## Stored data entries

»»

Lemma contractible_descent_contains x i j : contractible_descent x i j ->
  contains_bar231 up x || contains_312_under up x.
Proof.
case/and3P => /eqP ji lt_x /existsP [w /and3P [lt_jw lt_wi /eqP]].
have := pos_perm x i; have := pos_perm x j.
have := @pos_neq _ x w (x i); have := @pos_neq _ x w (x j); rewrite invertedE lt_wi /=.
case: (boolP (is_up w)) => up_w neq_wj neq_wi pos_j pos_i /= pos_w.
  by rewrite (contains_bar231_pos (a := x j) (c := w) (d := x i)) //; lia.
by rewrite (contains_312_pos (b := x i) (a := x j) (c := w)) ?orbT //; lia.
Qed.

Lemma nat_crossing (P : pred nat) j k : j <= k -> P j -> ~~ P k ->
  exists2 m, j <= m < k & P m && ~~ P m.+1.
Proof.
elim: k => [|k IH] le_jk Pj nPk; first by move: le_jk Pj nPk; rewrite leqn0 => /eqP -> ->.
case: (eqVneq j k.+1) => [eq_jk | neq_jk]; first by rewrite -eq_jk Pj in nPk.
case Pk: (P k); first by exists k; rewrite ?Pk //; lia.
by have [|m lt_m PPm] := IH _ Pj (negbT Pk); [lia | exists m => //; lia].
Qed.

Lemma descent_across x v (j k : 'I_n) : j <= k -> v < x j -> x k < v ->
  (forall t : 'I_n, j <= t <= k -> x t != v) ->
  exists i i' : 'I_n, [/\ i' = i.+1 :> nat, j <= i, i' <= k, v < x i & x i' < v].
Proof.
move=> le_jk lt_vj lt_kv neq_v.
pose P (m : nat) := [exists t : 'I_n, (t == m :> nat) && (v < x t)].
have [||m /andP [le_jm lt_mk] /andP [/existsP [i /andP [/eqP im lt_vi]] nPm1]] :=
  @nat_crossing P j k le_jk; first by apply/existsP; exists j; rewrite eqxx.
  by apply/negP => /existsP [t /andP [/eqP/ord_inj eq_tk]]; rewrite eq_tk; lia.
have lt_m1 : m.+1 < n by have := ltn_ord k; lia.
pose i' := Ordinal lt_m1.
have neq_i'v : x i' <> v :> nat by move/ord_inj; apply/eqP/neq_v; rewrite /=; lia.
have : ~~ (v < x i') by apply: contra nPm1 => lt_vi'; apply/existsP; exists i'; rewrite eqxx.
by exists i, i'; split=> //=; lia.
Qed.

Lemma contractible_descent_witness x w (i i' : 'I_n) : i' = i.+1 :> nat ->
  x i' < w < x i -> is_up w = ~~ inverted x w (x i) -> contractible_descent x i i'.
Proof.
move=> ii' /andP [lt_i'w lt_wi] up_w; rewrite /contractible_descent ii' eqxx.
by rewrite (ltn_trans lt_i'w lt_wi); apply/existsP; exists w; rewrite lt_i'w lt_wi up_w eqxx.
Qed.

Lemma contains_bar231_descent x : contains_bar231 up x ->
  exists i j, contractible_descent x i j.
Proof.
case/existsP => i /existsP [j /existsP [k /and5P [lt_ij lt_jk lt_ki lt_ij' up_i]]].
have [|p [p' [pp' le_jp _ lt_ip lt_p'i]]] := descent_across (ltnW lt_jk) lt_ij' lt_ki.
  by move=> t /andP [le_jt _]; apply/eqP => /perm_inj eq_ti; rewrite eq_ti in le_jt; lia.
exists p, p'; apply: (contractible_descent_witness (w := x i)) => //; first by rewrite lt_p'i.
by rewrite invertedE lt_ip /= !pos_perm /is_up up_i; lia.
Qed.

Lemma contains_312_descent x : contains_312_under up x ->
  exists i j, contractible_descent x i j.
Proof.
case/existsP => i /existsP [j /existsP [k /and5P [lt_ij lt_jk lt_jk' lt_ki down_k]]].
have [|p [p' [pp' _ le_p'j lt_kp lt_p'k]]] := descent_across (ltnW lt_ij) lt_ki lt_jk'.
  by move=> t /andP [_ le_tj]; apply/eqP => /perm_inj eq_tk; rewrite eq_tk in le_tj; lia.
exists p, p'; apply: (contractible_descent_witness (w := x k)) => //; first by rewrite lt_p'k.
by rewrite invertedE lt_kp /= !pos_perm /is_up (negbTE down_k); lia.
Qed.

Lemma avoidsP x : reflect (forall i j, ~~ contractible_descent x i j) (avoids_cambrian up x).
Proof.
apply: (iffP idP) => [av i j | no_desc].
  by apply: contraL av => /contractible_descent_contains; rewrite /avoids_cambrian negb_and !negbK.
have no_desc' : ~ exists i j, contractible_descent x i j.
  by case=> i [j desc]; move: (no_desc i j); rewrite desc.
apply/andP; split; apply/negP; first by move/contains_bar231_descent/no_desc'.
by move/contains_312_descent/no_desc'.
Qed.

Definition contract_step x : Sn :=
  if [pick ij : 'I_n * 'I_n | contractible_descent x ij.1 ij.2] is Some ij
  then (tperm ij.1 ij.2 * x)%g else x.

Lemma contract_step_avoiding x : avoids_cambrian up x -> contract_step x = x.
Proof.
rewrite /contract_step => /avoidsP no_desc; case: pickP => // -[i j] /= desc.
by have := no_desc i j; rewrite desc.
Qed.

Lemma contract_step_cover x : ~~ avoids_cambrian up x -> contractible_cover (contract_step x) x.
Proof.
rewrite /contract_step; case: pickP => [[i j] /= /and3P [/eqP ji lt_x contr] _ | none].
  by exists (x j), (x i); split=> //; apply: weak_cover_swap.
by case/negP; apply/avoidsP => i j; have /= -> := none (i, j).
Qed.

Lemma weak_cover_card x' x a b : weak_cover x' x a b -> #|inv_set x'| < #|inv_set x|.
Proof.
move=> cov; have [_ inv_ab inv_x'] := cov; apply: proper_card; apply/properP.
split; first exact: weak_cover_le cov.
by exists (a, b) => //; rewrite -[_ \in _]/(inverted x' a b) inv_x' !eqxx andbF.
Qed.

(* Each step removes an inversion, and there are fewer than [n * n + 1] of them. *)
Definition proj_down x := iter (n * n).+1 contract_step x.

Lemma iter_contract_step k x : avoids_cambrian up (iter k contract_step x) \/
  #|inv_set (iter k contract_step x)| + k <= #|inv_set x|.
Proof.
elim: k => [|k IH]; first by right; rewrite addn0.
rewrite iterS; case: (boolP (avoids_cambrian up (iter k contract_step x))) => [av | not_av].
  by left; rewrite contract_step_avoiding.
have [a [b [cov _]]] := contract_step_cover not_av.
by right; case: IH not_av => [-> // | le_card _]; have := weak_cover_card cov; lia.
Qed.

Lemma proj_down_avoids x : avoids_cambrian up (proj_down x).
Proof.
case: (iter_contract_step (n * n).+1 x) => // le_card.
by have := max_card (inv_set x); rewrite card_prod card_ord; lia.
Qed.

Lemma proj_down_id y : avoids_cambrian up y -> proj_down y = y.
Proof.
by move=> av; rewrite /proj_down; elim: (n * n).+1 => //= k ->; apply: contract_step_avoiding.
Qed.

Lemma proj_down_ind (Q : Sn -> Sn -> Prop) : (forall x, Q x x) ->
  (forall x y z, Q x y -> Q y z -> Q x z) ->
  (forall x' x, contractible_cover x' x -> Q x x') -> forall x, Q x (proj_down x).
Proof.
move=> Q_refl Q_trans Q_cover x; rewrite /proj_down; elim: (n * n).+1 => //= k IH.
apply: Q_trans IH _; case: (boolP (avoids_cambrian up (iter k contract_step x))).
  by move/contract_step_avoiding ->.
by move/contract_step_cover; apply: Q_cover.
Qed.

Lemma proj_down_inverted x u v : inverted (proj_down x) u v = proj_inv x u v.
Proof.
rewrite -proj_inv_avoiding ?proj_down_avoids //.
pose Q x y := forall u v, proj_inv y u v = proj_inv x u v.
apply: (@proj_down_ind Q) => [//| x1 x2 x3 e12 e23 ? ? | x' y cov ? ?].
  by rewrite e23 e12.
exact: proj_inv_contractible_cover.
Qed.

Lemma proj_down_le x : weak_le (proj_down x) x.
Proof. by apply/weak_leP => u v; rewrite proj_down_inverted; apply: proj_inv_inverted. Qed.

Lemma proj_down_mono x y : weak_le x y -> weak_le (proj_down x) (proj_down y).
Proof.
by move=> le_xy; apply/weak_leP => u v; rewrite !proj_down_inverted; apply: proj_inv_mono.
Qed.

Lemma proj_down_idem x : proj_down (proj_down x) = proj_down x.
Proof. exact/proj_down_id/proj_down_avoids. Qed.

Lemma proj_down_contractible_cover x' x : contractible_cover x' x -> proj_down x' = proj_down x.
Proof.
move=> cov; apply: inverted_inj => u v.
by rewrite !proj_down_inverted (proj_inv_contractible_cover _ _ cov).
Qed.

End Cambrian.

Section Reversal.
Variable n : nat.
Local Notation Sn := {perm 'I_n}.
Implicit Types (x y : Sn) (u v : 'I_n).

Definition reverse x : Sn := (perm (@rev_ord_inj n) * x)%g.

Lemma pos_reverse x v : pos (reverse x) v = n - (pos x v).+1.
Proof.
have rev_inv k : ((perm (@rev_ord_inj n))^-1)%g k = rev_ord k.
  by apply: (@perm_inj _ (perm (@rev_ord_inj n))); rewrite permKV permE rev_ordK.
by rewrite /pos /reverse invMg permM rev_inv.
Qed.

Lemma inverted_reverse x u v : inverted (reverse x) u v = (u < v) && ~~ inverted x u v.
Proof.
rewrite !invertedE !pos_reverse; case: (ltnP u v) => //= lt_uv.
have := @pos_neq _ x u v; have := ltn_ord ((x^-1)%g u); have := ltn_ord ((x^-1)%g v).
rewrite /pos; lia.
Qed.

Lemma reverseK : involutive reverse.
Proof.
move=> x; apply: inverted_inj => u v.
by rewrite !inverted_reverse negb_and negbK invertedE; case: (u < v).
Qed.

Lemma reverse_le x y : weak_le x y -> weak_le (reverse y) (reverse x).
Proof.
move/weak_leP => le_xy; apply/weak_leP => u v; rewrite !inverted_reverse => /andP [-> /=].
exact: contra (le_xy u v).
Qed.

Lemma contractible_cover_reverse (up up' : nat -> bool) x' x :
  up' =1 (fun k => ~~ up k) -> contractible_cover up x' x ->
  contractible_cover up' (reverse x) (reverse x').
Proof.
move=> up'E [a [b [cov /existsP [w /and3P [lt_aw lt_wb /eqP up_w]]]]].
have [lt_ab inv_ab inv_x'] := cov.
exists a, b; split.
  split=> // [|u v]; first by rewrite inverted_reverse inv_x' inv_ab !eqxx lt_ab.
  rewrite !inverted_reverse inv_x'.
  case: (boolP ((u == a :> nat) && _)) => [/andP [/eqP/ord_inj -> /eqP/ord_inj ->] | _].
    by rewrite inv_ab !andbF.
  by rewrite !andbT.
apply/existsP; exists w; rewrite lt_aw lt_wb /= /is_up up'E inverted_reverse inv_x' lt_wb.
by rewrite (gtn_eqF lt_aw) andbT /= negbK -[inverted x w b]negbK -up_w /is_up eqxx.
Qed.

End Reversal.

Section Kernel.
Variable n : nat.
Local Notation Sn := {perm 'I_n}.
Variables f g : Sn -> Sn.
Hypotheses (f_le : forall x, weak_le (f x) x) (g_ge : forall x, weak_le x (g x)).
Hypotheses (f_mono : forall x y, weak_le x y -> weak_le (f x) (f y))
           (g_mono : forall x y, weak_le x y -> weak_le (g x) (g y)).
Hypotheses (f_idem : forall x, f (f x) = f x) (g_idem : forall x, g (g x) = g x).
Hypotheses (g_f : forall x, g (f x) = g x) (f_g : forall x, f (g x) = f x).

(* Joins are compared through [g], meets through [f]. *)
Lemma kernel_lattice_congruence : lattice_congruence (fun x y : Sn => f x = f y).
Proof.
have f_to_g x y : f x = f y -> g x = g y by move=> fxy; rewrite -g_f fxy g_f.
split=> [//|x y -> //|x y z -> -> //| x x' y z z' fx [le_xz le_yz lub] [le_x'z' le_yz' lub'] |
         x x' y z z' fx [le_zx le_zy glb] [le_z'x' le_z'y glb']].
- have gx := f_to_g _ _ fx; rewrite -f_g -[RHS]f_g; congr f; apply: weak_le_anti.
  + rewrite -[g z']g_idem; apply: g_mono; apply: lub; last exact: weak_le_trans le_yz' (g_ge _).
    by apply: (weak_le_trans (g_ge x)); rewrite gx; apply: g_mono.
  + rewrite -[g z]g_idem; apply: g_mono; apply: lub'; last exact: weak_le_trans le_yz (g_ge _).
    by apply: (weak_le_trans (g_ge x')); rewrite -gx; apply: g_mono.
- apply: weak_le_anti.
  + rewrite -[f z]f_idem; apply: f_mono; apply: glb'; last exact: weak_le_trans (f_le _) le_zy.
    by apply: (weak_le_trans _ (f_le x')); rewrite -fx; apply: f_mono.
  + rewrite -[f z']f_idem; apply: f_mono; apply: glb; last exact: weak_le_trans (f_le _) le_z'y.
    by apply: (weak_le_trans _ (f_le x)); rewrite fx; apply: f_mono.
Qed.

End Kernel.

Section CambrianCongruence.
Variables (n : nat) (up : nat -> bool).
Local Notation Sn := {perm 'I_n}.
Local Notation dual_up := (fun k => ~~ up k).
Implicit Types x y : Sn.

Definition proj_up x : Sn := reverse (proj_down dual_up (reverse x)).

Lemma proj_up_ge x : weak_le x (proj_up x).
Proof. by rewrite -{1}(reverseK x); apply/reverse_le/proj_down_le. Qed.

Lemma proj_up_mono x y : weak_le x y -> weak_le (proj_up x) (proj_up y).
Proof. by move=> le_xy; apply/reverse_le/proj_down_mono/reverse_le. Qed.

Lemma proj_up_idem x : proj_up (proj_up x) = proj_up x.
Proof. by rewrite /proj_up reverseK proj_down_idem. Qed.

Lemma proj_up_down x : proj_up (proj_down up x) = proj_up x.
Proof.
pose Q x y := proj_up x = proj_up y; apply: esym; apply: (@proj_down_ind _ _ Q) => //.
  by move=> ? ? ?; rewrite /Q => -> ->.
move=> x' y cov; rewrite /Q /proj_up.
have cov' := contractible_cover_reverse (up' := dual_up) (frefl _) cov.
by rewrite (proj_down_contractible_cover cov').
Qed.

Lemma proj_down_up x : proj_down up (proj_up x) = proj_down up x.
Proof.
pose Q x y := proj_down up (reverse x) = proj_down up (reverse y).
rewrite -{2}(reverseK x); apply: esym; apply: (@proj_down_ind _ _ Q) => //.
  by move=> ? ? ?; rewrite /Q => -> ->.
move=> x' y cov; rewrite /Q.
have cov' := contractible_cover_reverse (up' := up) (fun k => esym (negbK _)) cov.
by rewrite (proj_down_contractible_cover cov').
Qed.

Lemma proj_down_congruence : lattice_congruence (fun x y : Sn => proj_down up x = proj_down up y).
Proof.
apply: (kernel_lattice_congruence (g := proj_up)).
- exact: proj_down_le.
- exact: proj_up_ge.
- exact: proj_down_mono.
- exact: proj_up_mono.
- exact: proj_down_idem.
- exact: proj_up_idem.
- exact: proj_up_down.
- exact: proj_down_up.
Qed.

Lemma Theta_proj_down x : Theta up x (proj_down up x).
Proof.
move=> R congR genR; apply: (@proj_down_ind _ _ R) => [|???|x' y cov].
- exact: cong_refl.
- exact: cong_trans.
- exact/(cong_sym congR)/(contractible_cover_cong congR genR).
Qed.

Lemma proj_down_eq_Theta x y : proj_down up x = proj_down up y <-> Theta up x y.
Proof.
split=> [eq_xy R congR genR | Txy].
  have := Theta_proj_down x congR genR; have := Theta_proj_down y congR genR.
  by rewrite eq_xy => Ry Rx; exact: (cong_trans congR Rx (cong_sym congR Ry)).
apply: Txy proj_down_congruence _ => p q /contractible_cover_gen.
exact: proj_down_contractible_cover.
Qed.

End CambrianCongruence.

««
»»

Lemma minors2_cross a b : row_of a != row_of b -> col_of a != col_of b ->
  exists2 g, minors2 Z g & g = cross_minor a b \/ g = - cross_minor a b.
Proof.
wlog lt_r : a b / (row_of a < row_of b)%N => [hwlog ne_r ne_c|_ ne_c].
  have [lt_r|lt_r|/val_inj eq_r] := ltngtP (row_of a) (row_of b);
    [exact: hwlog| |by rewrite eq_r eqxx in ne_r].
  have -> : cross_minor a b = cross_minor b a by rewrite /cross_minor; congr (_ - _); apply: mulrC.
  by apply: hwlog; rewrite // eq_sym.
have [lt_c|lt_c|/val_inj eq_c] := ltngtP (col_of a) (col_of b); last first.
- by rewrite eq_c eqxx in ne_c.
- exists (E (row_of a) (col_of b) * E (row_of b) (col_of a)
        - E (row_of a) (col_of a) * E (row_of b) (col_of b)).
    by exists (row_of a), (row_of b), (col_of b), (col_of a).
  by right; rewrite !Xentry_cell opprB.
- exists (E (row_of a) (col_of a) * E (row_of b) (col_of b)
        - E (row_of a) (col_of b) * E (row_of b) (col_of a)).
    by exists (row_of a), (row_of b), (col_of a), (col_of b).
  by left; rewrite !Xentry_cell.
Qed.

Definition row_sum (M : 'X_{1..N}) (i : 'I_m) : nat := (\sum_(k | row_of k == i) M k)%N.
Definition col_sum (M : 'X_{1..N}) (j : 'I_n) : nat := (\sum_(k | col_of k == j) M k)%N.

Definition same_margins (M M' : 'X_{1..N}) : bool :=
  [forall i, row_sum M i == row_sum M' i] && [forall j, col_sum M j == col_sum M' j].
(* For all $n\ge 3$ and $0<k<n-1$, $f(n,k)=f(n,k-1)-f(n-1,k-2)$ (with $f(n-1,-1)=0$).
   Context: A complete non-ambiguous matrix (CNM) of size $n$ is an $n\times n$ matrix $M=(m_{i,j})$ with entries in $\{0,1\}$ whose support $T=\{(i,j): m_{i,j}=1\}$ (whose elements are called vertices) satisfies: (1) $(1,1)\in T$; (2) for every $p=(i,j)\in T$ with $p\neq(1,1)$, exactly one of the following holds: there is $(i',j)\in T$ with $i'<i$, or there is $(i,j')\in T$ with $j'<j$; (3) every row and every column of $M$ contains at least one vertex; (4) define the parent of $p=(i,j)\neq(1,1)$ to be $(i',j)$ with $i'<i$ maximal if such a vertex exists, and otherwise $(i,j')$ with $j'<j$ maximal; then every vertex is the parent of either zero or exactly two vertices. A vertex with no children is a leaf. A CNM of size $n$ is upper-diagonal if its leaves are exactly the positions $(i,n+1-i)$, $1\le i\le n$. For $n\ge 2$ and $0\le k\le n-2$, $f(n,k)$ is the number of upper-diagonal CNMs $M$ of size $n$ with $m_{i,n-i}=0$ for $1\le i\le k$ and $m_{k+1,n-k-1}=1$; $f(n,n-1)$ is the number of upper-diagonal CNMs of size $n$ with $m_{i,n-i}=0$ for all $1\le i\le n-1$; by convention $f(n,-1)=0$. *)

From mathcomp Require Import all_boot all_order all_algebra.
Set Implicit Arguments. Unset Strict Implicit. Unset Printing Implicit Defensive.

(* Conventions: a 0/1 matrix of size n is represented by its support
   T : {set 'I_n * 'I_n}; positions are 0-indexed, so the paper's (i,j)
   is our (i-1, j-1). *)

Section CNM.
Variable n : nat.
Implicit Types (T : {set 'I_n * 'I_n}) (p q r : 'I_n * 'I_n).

««
»»

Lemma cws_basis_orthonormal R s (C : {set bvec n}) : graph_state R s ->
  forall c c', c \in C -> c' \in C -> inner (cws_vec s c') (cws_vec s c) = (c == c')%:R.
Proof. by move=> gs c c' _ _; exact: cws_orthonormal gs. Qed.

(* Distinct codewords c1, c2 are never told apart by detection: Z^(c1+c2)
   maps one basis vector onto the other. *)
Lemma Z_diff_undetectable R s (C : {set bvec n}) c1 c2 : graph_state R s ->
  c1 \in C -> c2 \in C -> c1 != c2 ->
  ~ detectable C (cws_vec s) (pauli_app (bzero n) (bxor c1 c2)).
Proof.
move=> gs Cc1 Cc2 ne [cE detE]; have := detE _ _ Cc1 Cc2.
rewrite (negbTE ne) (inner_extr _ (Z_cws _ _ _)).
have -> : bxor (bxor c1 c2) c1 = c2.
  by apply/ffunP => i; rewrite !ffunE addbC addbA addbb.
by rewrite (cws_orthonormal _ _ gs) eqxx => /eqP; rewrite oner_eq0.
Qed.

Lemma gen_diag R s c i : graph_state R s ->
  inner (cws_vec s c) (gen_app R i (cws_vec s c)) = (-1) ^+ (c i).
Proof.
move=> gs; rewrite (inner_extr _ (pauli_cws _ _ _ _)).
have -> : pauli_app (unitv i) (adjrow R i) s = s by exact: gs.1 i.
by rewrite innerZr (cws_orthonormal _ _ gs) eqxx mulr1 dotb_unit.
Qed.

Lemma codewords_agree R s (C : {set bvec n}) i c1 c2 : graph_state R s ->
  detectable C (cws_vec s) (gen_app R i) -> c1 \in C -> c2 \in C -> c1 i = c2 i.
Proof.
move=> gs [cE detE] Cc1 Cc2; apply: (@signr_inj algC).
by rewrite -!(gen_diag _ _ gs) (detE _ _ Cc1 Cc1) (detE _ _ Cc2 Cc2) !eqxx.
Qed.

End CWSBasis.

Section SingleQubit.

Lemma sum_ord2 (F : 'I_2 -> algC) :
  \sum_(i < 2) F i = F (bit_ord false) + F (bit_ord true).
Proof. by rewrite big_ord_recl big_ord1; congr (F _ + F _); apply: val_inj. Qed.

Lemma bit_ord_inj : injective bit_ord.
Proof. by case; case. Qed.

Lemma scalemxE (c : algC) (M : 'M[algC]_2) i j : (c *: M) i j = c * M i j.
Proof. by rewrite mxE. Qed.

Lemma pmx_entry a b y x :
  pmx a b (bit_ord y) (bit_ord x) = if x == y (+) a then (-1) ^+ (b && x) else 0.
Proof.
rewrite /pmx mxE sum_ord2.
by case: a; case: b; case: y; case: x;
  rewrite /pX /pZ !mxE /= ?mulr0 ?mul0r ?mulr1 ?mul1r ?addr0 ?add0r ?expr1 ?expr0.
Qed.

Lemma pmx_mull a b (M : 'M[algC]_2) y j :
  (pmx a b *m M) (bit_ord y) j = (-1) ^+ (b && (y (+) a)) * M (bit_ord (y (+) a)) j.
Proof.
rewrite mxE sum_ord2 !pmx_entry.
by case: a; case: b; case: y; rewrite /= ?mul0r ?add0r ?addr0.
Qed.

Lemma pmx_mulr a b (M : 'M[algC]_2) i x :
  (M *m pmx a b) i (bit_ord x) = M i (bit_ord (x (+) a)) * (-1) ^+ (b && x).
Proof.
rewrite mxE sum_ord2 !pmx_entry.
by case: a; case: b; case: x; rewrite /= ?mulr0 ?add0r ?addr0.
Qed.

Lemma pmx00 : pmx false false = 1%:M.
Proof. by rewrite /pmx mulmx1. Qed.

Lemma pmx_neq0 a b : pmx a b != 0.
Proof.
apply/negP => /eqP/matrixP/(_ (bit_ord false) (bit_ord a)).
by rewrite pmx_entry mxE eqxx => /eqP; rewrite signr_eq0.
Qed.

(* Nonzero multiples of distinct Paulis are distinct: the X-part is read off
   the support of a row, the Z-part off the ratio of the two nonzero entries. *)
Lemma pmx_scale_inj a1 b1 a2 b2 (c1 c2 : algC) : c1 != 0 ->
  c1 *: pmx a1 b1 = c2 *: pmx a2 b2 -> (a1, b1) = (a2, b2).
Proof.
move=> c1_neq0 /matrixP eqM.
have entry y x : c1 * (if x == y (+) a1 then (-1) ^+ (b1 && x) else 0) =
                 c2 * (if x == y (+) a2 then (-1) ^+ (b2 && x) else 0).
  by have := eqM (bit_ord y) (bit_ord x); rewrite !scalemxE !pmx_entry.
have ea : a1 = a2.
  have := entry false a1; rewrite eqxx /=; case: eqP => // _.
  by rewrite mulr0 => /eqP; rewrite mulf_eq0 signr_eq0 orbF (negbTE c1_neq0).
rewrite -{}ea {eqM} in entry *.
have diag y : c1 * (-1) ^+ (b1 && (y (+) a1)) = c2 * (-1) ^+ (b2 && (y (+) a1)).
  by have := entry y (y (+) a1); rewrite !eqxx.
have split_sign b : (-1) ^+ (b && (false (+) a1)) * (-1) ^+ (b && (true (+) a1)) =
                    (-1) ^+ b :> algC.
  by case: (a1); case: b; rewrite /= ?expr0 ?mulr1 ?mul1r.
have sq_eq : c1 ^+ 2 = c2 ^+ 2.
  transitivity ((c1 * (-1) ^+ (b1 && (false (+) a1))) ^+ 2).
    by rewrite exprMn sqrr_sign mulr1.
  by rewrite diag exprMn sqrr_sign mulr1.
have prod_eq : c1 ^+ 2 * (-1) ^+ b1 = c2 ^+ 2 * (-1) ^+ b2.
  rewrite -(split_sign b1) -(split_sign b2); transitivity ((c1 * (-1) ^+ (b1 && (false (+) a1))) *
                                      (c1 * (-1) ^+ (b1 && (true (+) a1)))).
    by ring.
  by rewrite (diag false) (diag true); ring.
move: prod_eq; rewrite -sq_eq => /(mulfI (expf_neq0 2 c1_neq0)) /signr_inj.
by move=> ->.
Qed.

««

## Problem
Copy out each line of the entries that holds "Implicit".

## Response to the task
Implicit Types (x y : Sn) (u v : 'I_n).
Implicit Types x y : Sn.
Set Implicit Arguments. Unset Strict Implicit. Unset Printing Implicit Defensive.
Implicit Types (T : {set 'I_n * 'I_n}) (p q r : 'I_n * 'I_n).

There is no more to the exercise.